Debido a tales inhumanas condiciones, era que muchos de los omegas más jóvenes caían en las falsas promesas de los proxenetas, esos que venían desde la ciudad capital buscando incautos a los cuales engañar y prostituir, pagándoles una miseria que los tuviera conformes y quedándose con la mayor parte del dinero.

Otros, los más hermosos, podrían considerarse “suertudos”, si se les podía llama de ese modo claro está. Esos tenían la esperanza de cada dos años participar en la famosa Selección de los Marcados, nombre estúpido que recibía aquel degenerado programa de reproducción implantado por los alfas gobernantes.

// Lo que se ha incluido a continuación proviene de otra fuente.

Lemma nneseries_shiftr f r : (forall k, 0 <= f k) ->
  \sum_(m <oo) (if (r <= m)%N then f (m - r)%N else 0) = \sum_(s <oo) f s.
Proof.
move=> f0; set g := fun m => if (r <= m)%N then f (m - r)%N else 0.
transitivity (\sum_(r <= m <oo) g m).
  rewrite [RHS]ereal_series [RHS]eseries_mkcond.
  by apply: eq_eseriesr => k _; rewrite /g; case: ifP.
rewrite -nneseries_addn => [|k]; last by rewrite /g; case: ifP.
by apply: eq_eseriesr => s _; rewrite /g leq_addl addnK.
Qed.

Lemma nneseries_cauchy (b : nat -> nat -> \bar R) : (forall r s, 0 <= b r s) ->
  \sum_(r <oo) \sum_(s <oo) b r s = \sum_(m <oo) \sum_(r < m.+1) b r (m - r)%N.
Proof.
move=> b0.
transitivity (\sum_(r <oo) \sum_(m <oo) (if (r <= m)%N then b r (m - r)%N else 0)).
  by apply: eq_eseriesr => r _; rewrite nneseries_shiftr.
rewrite nneseries_interchange => [|r m]; last by case: ifP.
by apply: eq_eseriesr => m _; rewrite (nneseries_trunc (f := fun r => b r (m - r)%N)).
Qed.

Lemma ge0_nneseriesZr (a : nat -> R) (x : \bar R) :
  (forall r, 0 <= a r)%R -> 0 <= x ->
  (\sum_(r <oo) (a r)%:E) * x = \sum_(r <oo) ((a r)%:E * x).
Proof.
move=> a0 x0; have [xfin|xnfin] := boolP (x \is a fin_num).
  rewrite -(fineK xfin) muleC -nneseriesZl => [|r _]; last by rewrite lee_fin.
  by apply: eq_eseriesr => r _; rewrite muleC.
have -> : x = +oo by move: xnfin x0; case: x => //= y; rewrite leNye.
have [[r ar]|a_eq0] := pselect (exists r, (0 < a r)%R); last first.
  have az r : a r = 0%R.
    by apply/eqP; rewrite eq_le a0 andbT leNgt; apply/negP => ?; apply: a_eq0; exists r.
  by rewrite !eseries0 ?mul0e // => k _ _; rewrite az ?mul0e.
have S0 : 0 < \sum_(r <oo) (a r)%:E.
  apply: (@lt_le_trans _ _ (a r)%:E); first by rewrite lte_fin.
  apply: le_trans (nneseries_lim_ge r.+1 _) => [|k _ _]; last by rewrite lee_fin.
  by rewrite big_nat_recr //= leeDr // sume_ge0 // => k _; rewrite lee_fin.
rewrite gt0_muley //; apply/esym/(nneseries_pinfty (k := r)) => [k _||] //.
  by rewrite mule_ge0 // lee_fin.
by rewrite mulry /= gtr0_sg // mul1e.
Qed.

Lemma nneseries_mul (a b : nat -> R) :
  (forall r, 0 <= a r)%R -> (forall s, 0 <= b s)%R ->
  (\sum_(r <oo) (a r)%:E) * (\sum_(s <oo) (b s)%:E) =
  \sum_(r <oo) \sum_(s <oo) (a r * b s)%:E.
Proof.
move=> a0 b0; rewrite ge0_nneseriesZr //; last first.
  by apply: nneseries_ge0 => s _ _; rewrite lee_fin.
apply: eq_eseriesr => r _; rewrite -nneseriesZl => [|s _]; last by rewrite lee_fin.
by apply: eq_eseriesr => s _; rewrite EFinM.
Qed.

Lemma eseries_geometric (a z : R) : (`|z| < 1)%R ->
  \sum_(u <oo) (a * z ^+ u)%:E = (a / (1 - z))%:E.
Proof.
move=> z1; transitivity (limn (EFin \o series (geometric a z))).
  by apply/congr_lim/funext => k /=; rewrite /series /= sumEFin.
rewrite EFin_lim; last exact: is_cvg_geometric_series.
by congr EFin; apply: cvg_lim => //; exact: cvg_geometric_series.
Qed.

End NonnegSeries.

Section SequenceSums.
Variables (R : realType) (T : choiceType).
Local Open Scope classical_set_scope.
Local Open Scope ereal_scope.

Lemma esumZl (S : set T) (f : T -> \bar R) (c : R) :
  (0 <= c)%R -> (forall x, S x -> 0 <= f x) ->
  \esum_(x in S) (c%:E * f x) = c%:E * \esum_(x in S) f x.
Proof.
move=> c0 f0.
have fsumZl A : finite_set A -> A `<=` S ->
    \sum_(x \in A) (c%:E * f x) = c%:E * \sum_(x \in A) f x.
  move=> fA AS; rewrite !fsbig_finite //= big_seq [in RHS]big_seq.
  by rewrite ge0_sume_distrr // => x; rewrite in_fset_set // inE => /AS /f0.
rewrite /esum -ereal_supZl //; last first.
  by apply/set0P; exists 0; exists set0; [exact: fsets_set0 | rewrite fsbig_set0].
congr ereal_sup; apply/seteqP; split => x /=.
  by move=> [A [fA AS] <-]; exists (\sum_(a \in A) f a); [exists A | rewrite fsumZl].
by move=> [y [A [fA AS] <-] <-]; exists A => //; rewrite fsumZl.
Qed.

Definition seqs_of_size (t : nat) : set (seq T) := [set s | size s = t].

Lemma seqs_of_size0 : seqs_of_size 0 = [set [::]].
Proof. by apply/seteqP; split => s /=; [move/size0nil | move=> ->]. Qed.

Lemma esum_by_size (f : seq T -> \bar R) : (forall s, 0 <= f s) ->
  \esum_(s in [set: seq T]) f s = \sum_(t <oo) \esum_(s in seqs_of_size t) f s.
Proof.
move=> f0; rewrite (_ : [set: seq T] = \bigcup_t seqs_of_size t); last first.
  by apply/seteqP; split => s // _; exists (size s).
by rewrite nneseries_sum_bigcup //; exact: trivIset_preimage1.
Qed.

Lemma esum_size_cons (f : seq T -> \bar R) h t : (forall s, 0 <= f s) ->
  (forall x s, x != h -> f (x :: s) = 0) ->
  \esum_(s in seqs_of_size t.+1) f s = \esum_(s in seqs_of_size t) f (h :: s).
Proof.
move=> f0 f_head.
have hS : cons h @` seqs_of_size t = seqs_of_size t.+1 `&` cons h @` seqs_of_size t.
  apply/seteqP; split => [_ [s st <-]|s []//].
  by split; [exact: (f_equal S st) | exists s].
rewrite (esumID (cons h @` seqs_of_size t)) // -hS esum_image // => [|s1 s2 _ _ []//].
rewrite [X in _ + X]esum1 ?adde0 // => -[|x s] [//= [st] not_hs].
by apply: f_head; apply: contra_notN not_hs => /eqP ->; exists s.
Qed.

End SequenceSums.

Section MatrixPowers.
Variables (R : comPzRingType) (n : nat).
Implicit Types A : 'M[R]_n.

Lemma trmxX A k : (A ^+ k)^T = A^T ^+ k.
Proof.
elim: k => [|k IH]; first by rewrite !expr0 trmx1.
by rewrite exprS exprSr -!mulmxE trmx_mul IH.
Qed.

Lemma scalemxX (c : R) A k : (c *: A) ^+ k = c ^+ k *: A ^+ k.
Proof.
elim: k => [|k IH]; first by rewrite !expr0 scale1r.
by rewrite !exprS IH -!mulmxE -scalemxAl -scalemxAr scalerA.
Qed.

Lemma sum_mxX_recl A t h i : \sum_(r < t.+2) (A ^+ r) h i =
  (h == i)%:R + \sum_j A h j * \sum_(r < t.+1) (A ^+ r) j i.
Proof.
rewrite big_ord_recl expr0 mxE; congr (_ + _).
transitivity (\sum_(r < t.+1) \sum_j A h j * (A ^+ r) j i).
  by apply: eq_bigr => r _; rewrite /= exprS -mulmxE mxE.
by rewrite exchange_big; apply: eq_bigr => j _; rewrite mulr_sumr.
Qed.

End MatrixPowers.

Section EntrywiseOrder.
Variable R : numDomainType.

Definition mxle m n (A B : 'M[R]_(m, n)) := forall i j, A i j <= B i j.

Lemma mxle_trmx m n (A B : 'M[R]_(m, n)) : mxle A B -> mxle A^T B^T.
Proof. by move=> AB i j; rewrite !mxE. Qed.

Lemma mxle0_trmx m n (A : 'M[R]_(m, n)) : mxle 0 A -> mxle 0 A^T.
Proof. by move=> A0 i j; have := A0 j i; rewrite !mxE. Qed.

Lemma mxle0_mul m n q (A : 'M[R]_(m, n)) (C : 'M[R]_(n, q)) :
  mxle 0 A -> mxle 0 C -> mxle 0 (A *m C).
Proof.
move=> A0 C0 i j; rewrite !mxE; apply: sumr_ge0 => y _.
by have := C0 y j; have := A0 i y; rewrite !mxE; exact: mulr_ge0.
Qed.

Lemma mxle_mul m n q (A B : 'M[R]_(m, n)) (C D : 'M[R]_(n, q)) :
  mxle 0 A -> mxle 0 C -> mxle A B -> mxle C D -> mxle (A *m C) (B *m D).
Proof.
move=> A0 C0 AB CD i j; rewrite !mxE; apply: ler_sum => y _.
by have := A0 i y; have := C0 y j; rewrite !mxE => *; rewrite ler_pM.
Qed.

Lemma mxle0_exp n (A : 'M[R]_n) k : mxle 0 A -> mxle 0 (A ^+ k).
Proof.
move=> A0; elim: k => [|k IH]; first by move=> i j; rewrite expr0 !mxE ler0n.
by rewrite exprS -mulmxE; exact: mxle0_mul.
Qed.

Lemma mxle_exp n (A B : 'M[R]_n) k : mxle 0 A -> mxle A B -> mxle (A ^+ k) (B ^+ k).
Proof.
move=> A0 AB; elim: k => [|k IH]; first by move=> i j.
by rewrite !exprS -!mulmxE; apply: mxle_mul => //; exact: mxle0_exp.
Qed.

End EntrywiseOrder.

Section CauchySeries.
Variables (R : realType) (n : nat).
Local Open Scope ereal_scope.
Implicit Types A B C D : 'M[R]_n.

Definition cauchy_series A C (k l : 'I_n) : \bar R :=
  \sum_(m <oo) (\sum_(r < m.+1) (A ^+ r *m C ^+ (m - r)) k l)%:E.

Lemma cauchy_seriesE A C k l : mxle 0 A -> mxle 0 C ->
  cauchy_series A C k l = \sum_(r <oo) \sum_(s <oo) ((A ^+ r *m C ^+ s) k l)%:E.
Proof.
move=> A0 C0; rewrite nneseries_cauchy => [|r s]; last first.
  by have := mxle0_mul (mxle0_exp r A0) (mxle0_exp s C0) k l; rewrite mxE lee_fin.
by apply: eq_eseriesr => m _; rewrite sumEFin.
Qed.

Lemma cauchy_series_le A B C D k l : mxle 0 A -> mxle 0 C -> mxle A B -> mxle C D ->
  cauchy_series A C k l <= cauchy_series B D k l.
Proof.
move=> A0 C0 AB CD; apply: lee_nneseries => [m _ _|m _].
  rewrite lee_fin sumr_ge0 // => r _.
  by have := mxle0_mul (mxle0_exp r A0) (mxle0_exp (m - r) C0) k l; rewrite mxE.
rewrite lee_fin; apply: ler_sum => r _.
exact: mxle_mul (mxle0_exp r A0) (mxle0_exp _ C0) (mxle_exp r A0 AB) (mxle_exp _ C0 CD) k l.
Qed.

Lemma sum_mul_powers_series A C k l : mxle 0 A -> mxle 0 C ->
  \sum_i ((\sum_(r <oo) ((A ^+ r) k i)%:E) * (\sum_(s <oo) ((C ^+ s) l i)%:E)) =
  cauchy_series A C^T k l.
Proof.
move=> A0 C0; have CT0 := mxle0_trmx C0.
have Ar0 r i j : (0 <= (A ^+ r) i j)%R by have := mxle0_exp r A0 i j; rewrite mxE.
have Cs0 s i j : (0 <= (C ^+ s) i j)%R by have := mxle0_exp s C0 i j; rewrite mxE.
rewrite cauchy_seriesE //.
under eq_bigr do rewrite nneseries_mul //.
rewrite -nneseries_sum => [|i r _]; last first.
  by apply: nneseries_ge0 => s _ _; rewrite lee_fin mulr_ge0.
apply: eq_eseriesr => r _; rewrite -nneseries_sum => [|i s _]; last by rewrite lee_fin mulr_ge0.
apply: eq_eseriesr => s _; rewrite sumEFin -trmxX mxE.
by congr EFin; apply: eq_bigr => i _; rewrite mxE.
Qed.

Si bien debido a la escasez de alfas que nacían en Rhevnar, se amenazaba la estabilidad de la sociedad clasista, nacer siendo uno te llevaba directamente a la cima. Serías venerado por la sociedad y vivirías en la capital o cualquiera de las otras grandes y ricas ciudades del Imperio, sin preocuparte por nada más que embarazar omegas en busca de procrear a más de su jerarquía. O si eras una mujer alfa tendrías una vida similar a una reina.

Con ese objetivo se llevaba a cabo la selección. Las omegas más bellas, jóvenes, vírgenes y obviamente fértiles, tenían la oportunidad de presentarse a palacio, allí eran rigurosamente seleccionadas un pequeño número de ellas, que serían destinadas a los alfas que las eligieran, para así poder procrear uno o más hijos para él, todo esto por supuesto en busca de un bebé alfa. Si por alguna casualidad concebías un omega serías desechada y otra ocuparía tu lugar como siguiente fábrica de bebés.

Aquel sistema le parecía repugnante a Lieve, era a causa de eso que jamás se había siquiera planteado participar en algo así, a pesar de las muchas sugerencias que recibía para hacerlo, pues todos aseguraban que sería elegida debido a su belleza.

¿Cómo podrían pedirle algo así a ella?

Todos eran conscientes del inmenso odio que sentía hacia los gobernantes y el rey. Incluso se había jurado a sí misma que si algún día tenía la mala suerte de estar frente a él, no dudaría en darle una buena golpiza, aunque eso significase una inminente muerte.

Ella prefería morir antes de verse pisoteada o permitir que alguno de esos bastardos le pusiera la mano encima.